J'emprunte les mots qui suivent à Pierre Lassave, qui m'a envoyé ce texte et qui l'a très bien connu.

Décédé à l’âge de 92 ans le 18 février 2017 à Bagneux, François-André Isambert était le dernier des membres fondateurs encore en vie du Groupe de sociologie des religions créé au CNRS en 1954 par le juriste Gabriel Le Bras et animé par Henri Desroche. Ce groupe s’est fait connaître à travers sa revue, les Archives de sociologie des religions, devenue Archives de sciences sociales des religions à partir de 1973. Également membre actif pendant une trentaine d’années de la Revue française de sociologie fondée par Jean Stoetzel, Isambert fait partie de cette génération d’après-guerre qui a reconstruit la sociologie en lui conférant l’assise d’une discipline universitaire à part entière.

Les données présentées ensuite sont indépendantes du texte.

(* For each $n\ge1$ let $V_n\gamma$ be the functor from the category of double categories and double functors to $\mathbf{Cat}$ sending $C$ to $V^{\gamma C}_n$ and $F$ to the restriction of $(\gamma F)_1$ to $V^{\gamma C}_n$, and for $m\le n$ let $\eta_{m,n}:V_m\gamma\Rightarrow V_n\gamma$ be the natural transformation given by the inclusions $V^{\gamma C}_m\subseteq V^{\gamma C}_n$. Then the functor $\gamma_1=\pi_1\gamma$, sending $C$ to the morphism category $(\gamma C)_1$ and $F$ to $(\gamma F)_1$, is the colimit $\varinjlim_n V_n\gamma$ of this diagram (with the inclusions $V^{\gamma C}_n\subseteq(\gamma C)_1$ as colimit cocone).
   Context: Double categories and double functors are not assumed strict. $C_0$: objects and vertical morphisms; $C_1$: horizontal morphisms and 2-morphisms. A 2-morphism is globular if its source and target are identity vertical morphisms; unitor/associator components are globular. The globularily generated piece $\gamma C$ is the smallest sub-double category of $C$ containing all objects, vertical morphisms, horizontal morphisms and globular 2-morphisms of $C$; for a double functor $F:C\to D$, $\gamma F:\gamma C\to\gamma D$ is its restriction. For a double category $E$: $H^E_1$ is the collection of globular 2-morphisms and horizontal identities of vertical morphisms; $V^E_1$ is the subcategory of $E_1$ generated by $H^E_1$ under vertical composition; for $n>1$, $H^E_n$ is the collection of all horizontal composites (any parenthesization) of composable finite sequences of morphisms of $V^E_{n-1}$, and $V^E_n$ is the subcategory of $E_1$ generated by $H^E_n$. The morphism projection $\pi_1$ sends a double category to its morphism category $C_1$ and a double functor to its morphism functor $F_1$. Double functors between globularily generated double categories map $V^C_n$ into $V^D_n$. *)

From Stdlib Require Import Arith ClassicalEpsilon ProofIrrelevance.
(* [r k] is the budget left after step [k]; beyond step [n] the budget stays at [r n],
   so the third series of [T_inf] has a geometric tail summing to the last term. *)
Definition objective (p gamma : R) (w n : nat) (r : nat -> R) : R :=
  fsum (fun j => alpha p w j * cap gamma (spent r j)) n
  + fsum (fun k => p * alpha p w k * capw gamma w (r k)) (n - 1)
  + alpha p w n * capw gamma w (r n).

Lemma spent_S (r : nat -> R) k : spent r (S k) = r k - r (S k).
Proof. unfold spent. now rewrite Nat.sub_succ, Nat.sub_0_r. Qed.

Lemma spent_resid B x j : (1 <= j)%nat -> spent (resid B x) j = x j.
Proof.
  intros Hj. destruct j as [|j]; [lia|]. rewrite spent_S. unfold resid. simpl. ring.
Qed.

Lemma fsum_spent (r : nat -> R) k : fsum (spent r) k = r 0%nat - r k.
Proof.
  induction k as [|k IH]; cbn [fsum]; [ring|]. rewrite IH, spent_S. ring.
Qed.

Lemma objective_ext p gamma w n (r1 r2 : nat -> R) :
  (forall k, (k <= n)%nat -> r1 k = r2 k) ->
  objective p gamma w n r1 = objective p gamma w n r2.
Proof.
  intros E. unfold objective, spent.
  rewrite (fsum_ext (fun j => _ * cap _ (r1 _ - r1 j)) (fun j => _ * cap _ (r2 (j - 1)%nat - r2 j)))
    by (intros; rewrite !E by lia; reflexivity).
  rewrite (fsum_ext (fun k => _ * capw _ _ (r1 k)) (fun k => _ * capw _ _ (r2 k)))
    by (intros; rewrite E by lia; reflexivity).
  rewrite E by lia. reflexivity.
Qed.

Definition T_head (p gamma B : R) (w : nat) : R :=
  fsum (fun k => p ^ 2 * (1 - p) ^ (k - 1) * (INR k / 2) * log2 (1 + gamma * (B / INR k))) w.

Lemma T_N_objective p gamma B w n x : 0 < p < 1 -> (1 <= n)%nat ->
  T_N p gamma B w n x = T_head p gamma B w + objective p gamma w n (resid B x).
Proof.
  intros Hp Hn. unfold T_N, T_inf, objective, T_head.
  assert (Hq : Rabs (1 - p) < 1) by (rewrite Rabs_pos_eq; lra).
  set (u := fun i : nat => let j := S i in
          p * (1 - p) ^ (j + w - 1) * (1 / 2) * log2 (1 + gamma * trunc n x j)).
  set (v := fun i : nat => let k := S i in
          p ^ 2 * (1 - p) ^ (k + w - 1) * (INR w / 2) *
          log2 (1 + gamma * ((B - fsum (trunc n x) k) / INR w))).
  set (L := p ^ 2 * (1 - p) ^ (n + w - 1) * (INR w / 2) *
          log2 (1 + gamma * ((B - fsum x n) / INR w))).
  assert (Hu : is_series u (fsum (fun k => u (pred k)) n + 0 / (1 - (1 - p)))).
  { apply is_series_eventually_geom; [exact Hq|]. intros k. unfold u, trunc.
    destruct (Nat.leb_spec (S (n + k)) n); [lia|].
    rewrite Rmult_0_r, Rplus_0_r. unfold log2. rewrite ln_1. unfold Rdiv. ring. }
  assert (Hv : is_series v (fsum (fun k => v (pred k)) (n - 1) + L / (1 - (1 - p)))).
  { apply is_series_eventually_geom; [exact Hq|]. intros k. unfold v, L.
    rewrite fsum_trunc. replace (Nat.min (S (n - 1 + k)) n) with n by lia.
    replace (S (n - 1 + k) + w - 1)%nat with ((n + w - 1) + k)%nat by lia.
    rewrite pow_add. ring. }
  rewrite (is_series_unique _ _ Hu), (is_series_unique _ _ Hv).
  rewrite (fsum_ext (fun k => u (pred k)) (fun j => alpha p w j * cap gamma (spent (resid B x) j))).
  2:{ intros j Hj. rewrite spent_resid by lia. unfold u, alpha, cap, trunc.
      replace (S (pred j)) with j by lia. destruct (Nat.leb_spec j n); [ring|lia]. }
  rewrite (fsum_ext (fun k => v (pred k)) (fun k => p * alpha p w k * capw gamma w (resid B x k))).
  2:{ intros j Hj. unfold v, alpha, capw, resid. replace (S (pred j)) with j by lia.
      rewrite fsum_trunc. replace (Nat.min j n) with j by lia. ring. }
  unfold L, alpha, capw, resid. field. lra.
Qed.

Moins présente dans l’espace public que celle de ses proches collègues comme Pierre Bourdieu, Alain Touraine ou Edgar Morin, l’œuvre d’Isambert appartient aux classiques sur les questions relatives au sacré, à la morale et à l’éthique. La rigueur conceptuelle, la précision historique et la réflexion critique sur le statut du savoir caractérisent son parcours.